Minimum Distance to Type a Word Using Two Fingers

Problem summary

We have the fixed 6-column keyboard from the statement, and we want to type word with two fingers while paying Manhattan distance for every move.

The tricky part is that the starting positions are free.

So this is not a greedy problem. A cheap move right now can block a much better split of work later.

First DP idea

The most direct state is:

dp[i][left][right] = minimum cost after typing up to index i

where left and right are the current letter positions of the two fingers.

That works, but it stores more information than we really need.

Key observation

After typing word[i], one of the two fingers must be sitting on word[i].

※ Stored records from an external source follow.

(* (Descent lemma.) Suppose $\theta$ is $\varepsilon_0$-close to $\mathcal{S}$ in the $P$-norm. Let $\theta^{\star}$ denote the projection of $\theta$ onto $\mathcal{S}$ in the $P$-norm and $\Delta=\theta-\theta^{\star}$. Then $$Q(\theta) - Q^{\star} \le \frac{\sqrt{\beta}}{2}\|\Delta\|_P^2,$$ where $Q^{\star}$ is the minimum value of $Q$.
   Context: Covariates $x\sim\mathcal{N}(0,\Sigma)$ with $\Sigma$ full rank, responses $y=Mx+z$, $z\sim\mathcal{N}(0,\Omega)$; $p\ge d$, $M\Sigma^{1/2}$ full column rank. $\theta=(A,B)$, $A\in\mathbb{R}^{p\times d}$, $B\in\mathbb{R}^{d\times d}$. Population loss $L(\theta)=\frac12\mathrm{Tr}(\Omega)+\frac12\|A\Sigma B^{\top}\Sigma^{1/2}-M\Sigma^{1/2}\|_F^2$ (closed form of the population loss of softmax self-attention), $R(\theta)=\frac18\|\Sigma^{1/2}(A^{\top}A-B^{\top}\Sigma B)\Sigma^{1/2}\|_F^2$, $Q=L+R$. With $U\Gamma V^{\top}$ an SVD of $M\Sigma^{1/2}$, $\mathcal{S}=\{(U\Gamma^{1/2}J^{\top}\Sigma^{-1/2};\ \Sigma^{-1/2}V\Gamma^{1/2}J^{\top}\Sigma^{-1/2}):J\in\mathbb{O}_d\}$ (the set of global minimizers of $Q$). $P=\mathrm{diag}(I_p,\Sigma)$, $\langle\theta_1,\theta_2\rangle_P=\mathrm{Tr}(\theta_1^{\top}P\theta_2)$. $K_0=2\sigma_d(M\Sigma^{1/2})\sigma_d(\Sigma)$, $K_1=2\sigma_1(M\Sigma^{1/2})\sigma_1(\Sigma)$, $\varepsilon_0=\min\left(1,\frac{\sqrt{K_0}}{\sqrt{3K_1\|\Sigma\|_{\mathrm{op}}}},\frac{(K_0/2)^{1/4}}{\sqrt{\|\Sigma\|_{\mathrm{op}}}}\right)$, $\beta=(14+7\kappa^2(\Sigma))K_1^2+21\|\Sigma\|_{\mathrm{op}}^2K_1+7\|\Sigma\|_{\mathrm{op}}^4$. Within $P$-distance $\varepsilon_0$ of $\mathcal{S}$ the one-point smoothness bound $\|P^{-1}\nabla Q(\theta)\|_P^2\le\beta\|\theta-\theta^{\star}\|_P^2$ holds. *)

From mathcomp Require Import all_boot all_order all_algebra.
Set Implicit Arguments. Unset Strict Implicit. Unset Printing Implicit Defensive.
Import Order.TTheory GRing.Theory Num.Theory.
Local Open Scope ring_scope.

Section Defs.
Variable R : rcfType.

Definition frob2 m n (X : 'M[R]_(m, n)) : R := \tr (X^T *m X).

Definition orthonormal_cols m n (U : 'M[R]_(m, n)) : Prop := U^T *m U = 1%:M.

Definition psd_sym n (X : 'M[R]_n) : Prop :=
  X^T = X /\ forall v : 'cV[R]_n, 0 <= (v^T *m X *m v) 0 0.

(* Sigma^{1/2} built from an eigendecomposition Sigma = W diag(lam) W^T *)
Definition mx_sqrt_eig n (W : 'M[R]_n) (lam : 'rV[R]_n) : 'M[R]_n :=
  W *m diag_mx (map_mx Num.sqrt lam) *m W^T.

Definition vmax n (v : 'rV[R]_n) : R := \big[Num.max/0]_(i < n) v 0 i.
Definition vmin n (v : 'rV[R]_n) : R := \big[Num.min/vmax v]_(i < n) v 0 i.

(* P = diag(I_p, Sigma); <th1, th2>_P = Tr(th1^T P th2), th = (A; B) stacked *)
Definition Pmat p d (Sigma : 'M[R]_d) : 'M[R]_(p + d) := block_mx 1%:M 0 0 Sigma.
Definition Pnorm2 p d (Sigma : 'M[R]_d) (A : 'M[R]_(p, d)) (B : 'M[R]_d) : R :=
  \tr ((col_mx A B)^T *m Pmat p Sigma *m col_mx A B).

(* population loss L, regularizer R, Q = L + R; Sh = Sigma^{1/2} *)
Definition Lpop p d (Sigma Sh : 'M[R]_d) (M : 'M[R]_(p, d)) (Omega : 'M[R]_p)
    (A : 'M[R]_(p, d)) (B : 'M[R]_d) : R :=
  2^-1 * \tr Omega + 2^-1 * frob2 (A *m Sigma *m B^T *m Sh - M *m Sh).
Definition Rreg p d (Sigma Sh : 'M[R]_d) (A : 'M[R]_(p, d)) (B : 'M[R]_d) : R :=
  8^-1 * frob2 (Sh *m (A^T *m A - B^T *m Sigma *m B) *m Sh).
Definition Qobj p d (Sigma Sh : 'M[R]_d) (M : 'M[R]_(p, d)) (Omega : 'M[R]_p)
    (A : 'M[R]_(p, d)) (B : 'M[R]_d) : R :=
  Lpop Sigma Sh M Omega A B + Rreg Sigma Sh A B.

(* the set S of global minimizers, given an SVD U diag(g) V^T of M Sigma^{1/2} *)
Definition Sset p d (Sh : 'M[R]_d) (U : 'M[R]_(p, d)) (g : 'rV[R]_d) (V : 'M[R]_d)
    (A : 'M[R]_(p, d)) (B : 'M[R]_d) : Prop :=
  let Gh := diag_mx (map_mx Num.sqrt g) in
  let Shi := invmx Sh in
  exists J : 'M[R]_d, orthonormal_cols J /\
    A = U *m Gh *m J^T *m Shi /\ B = Shi *m V *m Gh *m J^T *m Shi.

End Defs.

From mathcomp Require Import all_boot all_order all_algebra.
From mathcomp Require Import ring lra.
Import Order.TTheory GRing.Theory Num.Theory.
Set Implicit Arguments. Unset Strict Implicit. Unset Printing Implicit Defensive.
Local Open Scope ring_scope.

(* In the coordinates x = A Σ^{1/2}, y = Σ^{1/2} B Σ^{1/2} the objective reads
   Q = Tr Ω / 2 + ‖x yᵀ − M Σ^{1/2}‖² / 2 + ‖xᵀ x − yᵀ y‖² / 8, and every point (x⋆, y⋆)
   of S is a balanced factorization, x⋆ y⋆ᵀ = M Σ^{1/2} and x⋆ᵀ x⋆ = y⋆ᵀ y⋆, whose factors
   have spectral norm at most √σ₁(M Σ^{1/2}).  Expanding both residuals around (x⋆, y⋆)
   gives Q(θ) − Q⋆ ≤ Q(θ) − Tr Ω / 2 ≤ 3 σ₁ r + 3 r² / 4 with r = ‖x − x⋆‖² + ‖y − y⋆‖²,
   and r ≤ ‖Σ‖ ‖Δ‖²_P; since ‖Δ‖_P ≤ ε₀ ≤ 1, r² is also a multiple of ‖Δ‖²_P. *)

Section Frobenius.
Variable R : rcfType.
Implicit Types m n k : nat.

Definition frob_dot m n (X Y : 'M[R]_(m, n)) : R := \tr (X^T *m Y).

Lemma frob_dotE m n (X Y : 'M[R]_(m, n)) : frob_dot X Y = \sum_i \sum_j X i j * Y i j.
Proof.
rewrite /frob_dot /mxtrace exchange_big /=; apply: eq_bigr => j _.
by rewrite mxE; apply: eq_bigr => i _; rewrite mxE.
Qed.

Lemma frob2_dot m n (X : 'M[R]_(m, n)) : frob2 X = frob_dot X X.
Proof. by []. Qed.

Lemma frob2E m n (X : 'M[R]_(m, n)) : frob2 X = \sum_i \sum_j X i j ^+ 2.
Proof.
rewrite frob2_dot frob_dotE; apply: eq_bigr => i _.
by apply: eq_bigr => j _; rewrite expr2.
Qed.

Lemma frob2_ge0 m n (X : 'M[R]_(m, n)) : 0 <= frob2 X.
Proof. by rewrite frob2E; do 2![apply: sumr_ge0 => ? _]; apply: sqr_ge0. Qed.

Lemma frob2_tr m n (X : 'M[R]_(m, n)) : frob2 X^T = frob2 X.
Proof. by rewrite /frob2 trmxK mxtrace_mulC. Qed.

Lemma frob_dotC m n (X Y : 'M[R]_(m, n)) : frob_dot X Y = frob_dot Y X.
Proof. by rewrite !frob_dotE; apply: eq_bigr => i _; apply: eq_bigr => j _; rewrite mulrC. Qed.

Lemma frob_dotDl m n (X Y Z : 'M[R]_(m, n)) :
  frob_dot (X + Y) Z = frob_dot X Z + frob_dot Y Z.
Proof. by rewrite /frob_dot linearD mulmxDl mxtraceD. Qed.

Lemma frob_dotDr m n (X Y Z : 'M[R]_(m, n)) :
  frob_dot X (Y + Z) = frob_dot X Y + frob_dot X Z.
Proof. by rewrite /frob_dot mulmxDr mxtraceD. Qed.

Lemma frob_dotZl m n a (X Y : 'M[R]_(m, n)) : frob_dot (a *: X) Y = a * frob_dot X Y.
Proof. by rewrite /frob_dot linearZ -scalemxAl mxtraceZ. Qed.

Lemma frob_dotZr m n a (X Y : 'M[R]_(m, n)) : frob_dot X (a *: Y) = a * frob_dot X Y.
Proof. by rewrite frob_dotC frob_dotZl frob_dotC. Qed.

That means we do not need to remember both finger positions independently. We only need to know:

• the last typed character is word[i]
• where the other finger is

So we can compress the state to:

dp[other] = minimum cost when one finger is on the previous character and the other finger is at other

I also keep a special position 26 to mean:

this finger has not been used yet

That models the "free starting position" rule very naturally, because moving from that special state to any first letter costs 0.

Transition

Suppose we already typed word[i - 1], and now we want to type word[i].

Let:

• prev = word[i - 1]
• cur = word[i]

From every state dp[other], there are only two choices:

1. Use the same finger again

The finger on prev moves to cur. The other finger does not move.

So:

next[other] = min(next[other], dp[other] + dist(prev, cur))

2. Use the other finger

The other finger moves from other to cur. The finger that was on prev now becomes the resting finger.

So:

next[prev] = min(next[prev], dp[other] + dist(other, cur))

That is the whole recurrence.

Why the free start is handled correctly

Initially, after typing the first character, we can think of one finger as already being on word[0], and the other finger as still unused.

So:

dp[FREE] = 0

Later, whenever we want to use that unused finger for the first time, the move cost is still 0.

That matches the statement exactly.

import java.util.Arrays;

class Solution {
    private static final int FREE = 26;
    private static final int SIZE = 27;
    private static final int INF = 1_000_000_000;

    private int distance(int from, int to) {
        if (from == FREE || to == FREE) {
            return 0;
        }

        return Math.abs(from / 6 - to / 6) + Math.abs(from % 6 - to % 6);
    }

    public int minimumDistance(String word) {
        int[] dp = new int[SIZE];
        Arrays.fill(dp, INF);
        dp[FREE] = 0;

        for (int i = 1; i < word.length(); i++) {
            int prev = word.charAt(i - 1) - 'A';
            int cur = word.charAt(i) - 'A';
            int[] next = new int[SIZE];
            Arrays.fill(next, INF);

            for (int other = 0; other < SIZE; other++) {
                if (dp[other] == INF) {
                    continue;
                }

                next[other] = Math.min(next[other], dp[other] + distance(prev, cur));
                next[prev] = Math.min(next[prev], dp[other] + distance(other, cur));
            }

            dp = next;
        }

        int answer = INF;
        for (int value : dp) {
            answer = Math.min(answer, value);
        }
        return answer;
    }
}

Dry run on CAKE

After typing C, the active finger is on C and the other finger is still unused.

When we type A, we have two meaningful options:

• keep using the same finger: cost dist(C, A) = 2
• use the unused finger: cost 0

The second option does not help immediately, but the DP keeps both states.

Then at K, the state where the second finger is still unused becomes valuable, because we can place it on K for free.

Finally, type E with that same second finger:

• C -> A costs 2
• K -> E costs 1

Total = 3

Complexity

Time Complexity: O(27 * n), which is O(n)

At each character, we try all possible positions of the other finger.

Space Complexity: O(27), which is O(1)

Common mistakes

1. Treating the initial finger positions like real coordinates

They are free, so you should not force both fingers to start at fixed letters.

2. Keeping a full 26 x 26 state when it is not necessary

It still passes, but the transition becomes heavier than needed.

3. Forgetting that the "other finger" can still be unused

That unused state is what lets the first move of the second finger cost 0.

Pattern takeaway

This is a great example of DP state compression.

The full state starts as "where are both fingers?" But after noticing that one finger must always be on the last typed letter, the problem shrinks to just tracking the other one.